Source records:
(* Let $P$ be a partial order with bottom element, $T=\{1_\sigma:\sigma\in P\}$, $\hat T$ a Kripke subset of $T$, and $\hat T_0$ as below. Then $\hat T_0$ is a (Kripke) ordinal and $L_{\hat T_0}=\hat T_0$.
   Context: Kripke sets over a partial order $P$ are evaluated with standard Kripke semantics for set theory. For $\sigma\in P$, $1_\sigma$ is the Kripke set with $(1_\sigma)_\tau=\emptyset$ if $\tau\le\sigma$ and $(1_\sigma)_\tau=\{\emptyset\}$ if $\sigma<\tau$ or $\sigma\perp\tau$ (incompatible), with the only possible transition maps. A Kripke subset $\hat T$ of $T$ assigns to each node $\sigma$ a set $\hat T_\sigma\subseteq T$, increasing in $\sigma$, with identity transition maps. $\hat T_0$ is the Kripke set with $(\hat T_0)_\sigma=\hat T_\sigma\cup\{0\}$. An ordinal is a transitive set of transitive sets. $\mathrm{def}(X)$ is the set of subsets of $X$ definable over $X$ (first-order, parameters from $X$, truth evaluated in $X$, in the Kripke sense), and $L_\alpha=\bigcup_{\beta\in\alpha}\mathrm{def}(L_\beta)$. *)

From Stdlib Require Import List.
Import ListNotations.


Section Kripke.
Variable P : Type.
Variable le : P -> P -> Prop.

(* Transition maps are the identity (elements persist upward),
   which is the case for every Kripke set occurring in the statement. *)
Inductive KSet : Type :=
  KS (I : Type) (el : I -> KSet) (pres : I -> P -> Prop).

Definition idx (X : KSet) : Type := let (I, _, _) := X in I.
Definition elt (X : KSet) : idx X -> KSet :=
  match X as X0 return idx X0 -> KSet with KS _ f _ => f end.
Definition presR (X : KSet) : idx X -> P -> Prop :=
  match X as X0 return idx X0 -> P -> Prop with KS _ _ d => d end.

(* X_sigma : element i is in X_sigma iff present at some node below sigma
   (so X_sigma is automatically increasing in sigma). *)
Definition inAt (X : KSet) (i : idx X) (s : P) : Prop :=
  exists r, le r s /\ presR X i r.

Definition K0 : KSet := KS Empty_set (@Empty_set_rect (fun _ => KSet)) (fun _ _ => False).

Fixpoint keq (x y : KSet) (s : P) {struct x} : Prop :=
  match x, y with
  | KS Ix f d, KS Jx g e =>
      forall t, le s t ->
        (forall i, (exists r, le r t /\ d i r) ->
           exists j, (exists r, le r t /\ e j r) /\ keq (f i) (g j) t) /\
        (forall j, (exists r, le r t /\ e j r) ->
           exists i, (exists r, le r t /\ d i r) /\ keq (f i) (g j) t)
  end.

Definition kin (s : P) (x Y : KSet) : Prop :=
  exists j, inAt Y j s /\ keq x (elt Y j) s.

(* first-order formulas of set theory, de Bruijn variables *)
Inductive form : Type :=
| fmem : nat -> nat -> form
| feq : nat -> nat -> form
| fbot : form
| fand : form -> form -> form
| forr : form -> form -> form
| fimp : form -> form -> form
| fall : form -> form
| fex : form -> form.

Fixpoint bnd (n : nat) (f : form) : Prop :=
  match f with
  | fmem a b | feq a b => a < n /\ b < n
  | fbot => True
  | fand f1 f2 | forr f1 f2 | fimp f1 f2 => bnd n f1 /\ bnd n f2
  | fall f1 | fex f1 => bnd (S n) f1
  end.

(* Kripke forcing, quantifiers ranging over the domain D (D t = the
   elements of the domain at node t). *)
Fixpoint force (D : P -> KSet -> Prop) (f : form) (e : list KSet) (s : P)
  : Prop :=
  match f with
  | fmem a b => kin s (nth a e K0) (nth b e K0)
  | feq a b => keq (nth a e K0) (nth b e K0) s
  | fbot => False
  | fand f1 f2 => force D f1 e s /\ force D f2 e s
  | forr f1 f2 => force D f1 e s \/ force D f2 e s
  | fimp f1 f2 => forall t, le s t -> force D f1 e t -> force D f2 e t
  | fall f1 => forall t, le s t -> forall x, D t x -> force D f1 (x :: e) t
  | fex f1 => exists x, D s x /\ force D f1 (x :: e) s
  end.

Definition Vdom : P -> KSet -> Prop := fun _ _ => True.
Definition domOf (X : KSet) : P -> KSet -> Prop :=
  fun t x => exists i, inAt X i t /\ x = elt X i.

(* "x is transitive" for x = variable k *)
Definition fTrans (k : nat) : form :=
  fall (fimp (fmem 0 (S k)) (fall (fimp (fmem 0 1) (fmem 0 (S (S k)))))).
(* Ord(x) for x = variable 0: a transitive set of transitive sets *)
Definition fOrd : form := fand (fTrans 0) (fall (fimp (fmem 0 1) (fTrans 0))).

Definition isKOrdinal (X : KSet) : Prop := forall s, force Vdom fOrd [X] s.

(* def(X): at node s, the subsets {x in X | X |= phi(x, p)} with phi a
   formula whose free variables are among x, p_1..p_n and p_i in X_s. *)
Definition defSub (X : KSet) (f : form) (ps : list (idx X)) : KSet :=
  KS (idx X) (elt X) (fun i t => inAt X i t /\
                         force (domOf X) f (elt X i :: map (elt X) ps) t).

Definition kdef (X : KSet) : KSet :=
  KS (form * list (idx X)) (fun q : form * list (idx X) => defSub X (fst q) (snd q))
     (fun q s => bnd (S (length (snd q))) (fst q) /\
                 Forall (fun p => inAt X p s) (snd q)).

(* L_alpha = union over beta in alpha of def(L_beta) *)
Fixpoint KL (a : KSet) : KSet :=
  match a with
  | KS Ix f d =>
      KS {i : Ix & idx (kdef (KL (f i)))} (fun q : {i : Ix & idx (kdef (KL (f i)))} =>
            elt (kdef (KL (f (projT1 q)))) (projT2 q))
         (fun q s => (exists r, le r s /\ d (projT1 q) r) /\
                     inAt (kdef (KL (f (projT1 q)))) (projT2 q) s)
  end.

(* 1_rho: empty at nodes t <= rho, {0} elsewhere *)
Definition one (rho : P) : KSet := KS unit (fun _ : unit => K0) (fun _ t => ~ le t rho).

(* hat T_0 for a Kripke subset hat T of T = {1_rho}, given as the predicate
   Th s rho  <->  1_rho in hat T_s *)
Definition That0 (Th : P -> P -> Prop) : KSet :=
  KS (option P) (fun o : option P => match o with None => K0 | Some r => one r end)
     (fun o s => match o with None => True | Some r => Th s r end).

End Kripke.

(* Every element of [That0 Th] is [0] or some [1_r], and both have only
   empty elements; so the elements of [That0 Th] are transitive and forced
   empty below their members, which makes [That0 Th] an ordinal.  For the
   second part, [L] of [1_r] is again (equivalent to) [1_r], and forcing over
   the structure [1_r] does not depend on the assignment or on the node,
   since all its elements are empty: each definable subset of [1_r] is
   therefore [1_r] itself or [0]. *)

From Pilot Require Import Defs.
From Stdlib Require Import List Classical.

Section KripkeOrdinal.
(* A map phi on M_n is determined by its Choi matrix C_phi = (id (x) phi)(Delta_n),
   whose blocks are the phi(E_ab); phi is completely positive iff C_phi >= 0.
   If phi is admissible for Ind_CP(M_n : S) with phi(1) = c 1, then c >= 1 and
   X = (C_phi - Delta_n) / c is feasible for lambda = 1 / c: the conditions
   "phi - id is CP" and "phi(M_n) in S" become X >= 0 and X + lambda Delta_n in M_n (x) S,
   and tr (x) id (C_phi) = phi(1).  Conversely, a feasible (lambda, X) with lambda > 0
   is turned back into the admissible map with Choi matrix X / lambda + Delta_n, for
   which phi(1) = 1 / lambda.  As lambda = 0 is always feasible and every feasible
   lambda is at most 1, the infimum of the c's and the supremum of the lambda's are
   inverse to each other (both sides being 0 when no map is admissible). *)

From HB Require Import structures.
From mathcomp Require Import all_boot all_order all_algebra.
From mathcomp Require Import complex mxtens.
From mathcomp Require Import classical_sets reals.
From mathcomp Require Import ring lra sesquilinear spectral boolp.
Import Order.TTheory GRing.Theory Num.Theory.
Local Open Scope ring_scope.
Set Implicit Arguments. Unset Strict Implicit. Unset Printing Implicit Defensive.

Section Blocks.
Variable R : realType.
Local Notation C := R[i].

Lemma sum_mxtens_index (V : nmodType) k n (F : 'I_(k * n) -> V) :
  \sum_(x < k * n) F x = \sum_(i < k) \sum_(p < n) F (mxtens_index (i, p)).
Proof.
rewrite pair_big /=; apply: reindex => /=; exists (@mxtens_unindex k n) => x _.
  by rewrite mxtens_indexK -surjective_pairing.
by rewrite mxtens_unindexK.
Qed.

Fact blk_is_linear k n (i j : 'I_k) : linear (@blk R k n i j).
Proof. by move=> c X Y; apply/matrixP => p q; rewrite !mxE. Qed.

HB.instance Definition _ k n (i j : 'I_k) :=
  GRing.isLinear.Build C _ _ _ (@blk R k n i j) (blk_is_linear i j).

Fact ptrace_is_linear n : linear (@ptrace R n).
Proof.
by move=> c X Y; rewrite /ptrace scaler_sumr -big_split; apply: eq_bigr => i _; rewrite linearP.
Qed.

HB.instance Definition _ n :=
  GRing.isLinear.Build C _ _ _ (@ptrace R n) (@ptrace_is_linear n).

Lemma blk_inj k n (X Y : 'M[C]_(k * n)) :
  (forall i j, blk i j X = blk i j Y) -> X = Y.
Proof.
move=> eqXY; apply/matrixP => x y.
case: (mxtens_indexP x) => i p; case: (mxtens_indexP y) => j q.
by have /matrixP/(_ p q) := eqXY i j; rewrite !mxE.
Qed.

Lemma blk_tens k n (A : 'M[C]_k) (B : 'M[C]_n) i j : blk i j (A *t B) = A i j *: B.
Proof. by apply/matrixP => p q; rewrite mxE tensmxE mxE. Qed.

Lemma sum_delta_mx_coef k m (F : 'I_k -> 'I_k -> 'M[C]_m) i j :
  \sum_(a < k) \sum_(b < k) (delta_mx a b i j *: F a b) = F i j.
Proof.
rewrite (bigD1 i) //= (bigD1 j) //= !mxE !eqxx scale1r !big1 ?addr0 //.
  move=> a /negPf nai; apply: big1 => b _.
  by rewrite mxE eq_sym nai scale0r.
by move=> b /negPf nbj; rewrite mxE eqxx eq_sym nbj scale0r.
Qed.

Lemma blk_expand k n (X : 'M[C]_(k * n)) :
  X = \sum_(i < k) \sum_(j < k) (delta_mx i j *t blk i j X).
Proof.
apply: blk_inj => a b; rewrite raddf_sum /=.
rewrite -[LHS](sum_delta_mx_coef (fun i j => blk i j X)); apply: eq_bigr => i _.
by rewrite raddf_sum /=; apply: eq_bigr => j _; rewrite blk_tens.
Qed.

Lemma blk_ampl k n (phi : 'M[C]_n -> 'M[C]_n) (X : 'M[C]_(k * n)) i j :
  blk i j (ampl phi X) = phi (blk i j X).
Proof.
rewrite raddf_sum /= -[RHS](sum_delta_mx_coef (fun a b => phi (blk a b X))).
by apply: eq_bigr => a _; rewrite raddf_sum /=; apply: eq_bigr => b _; rewrite blk_tens.
Qed.

End Blocks.

Section Positive.
Variable R : realType.
Local Notation C := R[i].

Lemma adj_mxE m p (A : 'M[C]_(m, p)) i j : adj A i j = (A j i)^*.
Proof. by rewrite /adj !mxE. Qed.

Requirement: Among the records above, a stretch begins at the line containing "HB.instance Definition _ n" and ends at the line containing "move=> a /negPf nai; apply: big1 => b _.". Restate that stretch word for word, and nothing else.

Expected output:
HB.instance Definition _ n :=
  GRing.isLinear.Build C _ _ _ (@ptrace R n) (@ptrace_is_linear n).

Lemma blk_inj k n (X Y : 'M[C]_(k * n)) :
  (forall i j, blk i j X = blk i j Y) -> X = Y.
Proof.
move=> eqXY; apply/matrixP => x y.
case: (mxtens_indexP x) => i p; case: (mxtens_indexP y) => j q.
by have /matrixP/(_ p q) := eqXY i j; rewrite !mxE.
Qed.

Lemma blk_tens k n (A : 'M[C]_k) (B : 'M[C]_n) i j : blk i j (A *t B) = A i j *: B.
Proof. by apply/matrixP => p q; rewrite mxE tensmxE mxE. Qed.

Lemma sum_delta_mx_coef k m (F : 'I_k -> 'I_k -> 'M[C]_m) i j :
  \sum_(a < k) \sum_(b < k) (delta_mx a b i j *: F a b) = F i j.
Proof.
rewrite (bigD1 i) //= (bigD1 j) //= !mxE !eqxx scale1r !big1 ?addr0 //.
  move=> a /negPf nai; apply: big1 => b _.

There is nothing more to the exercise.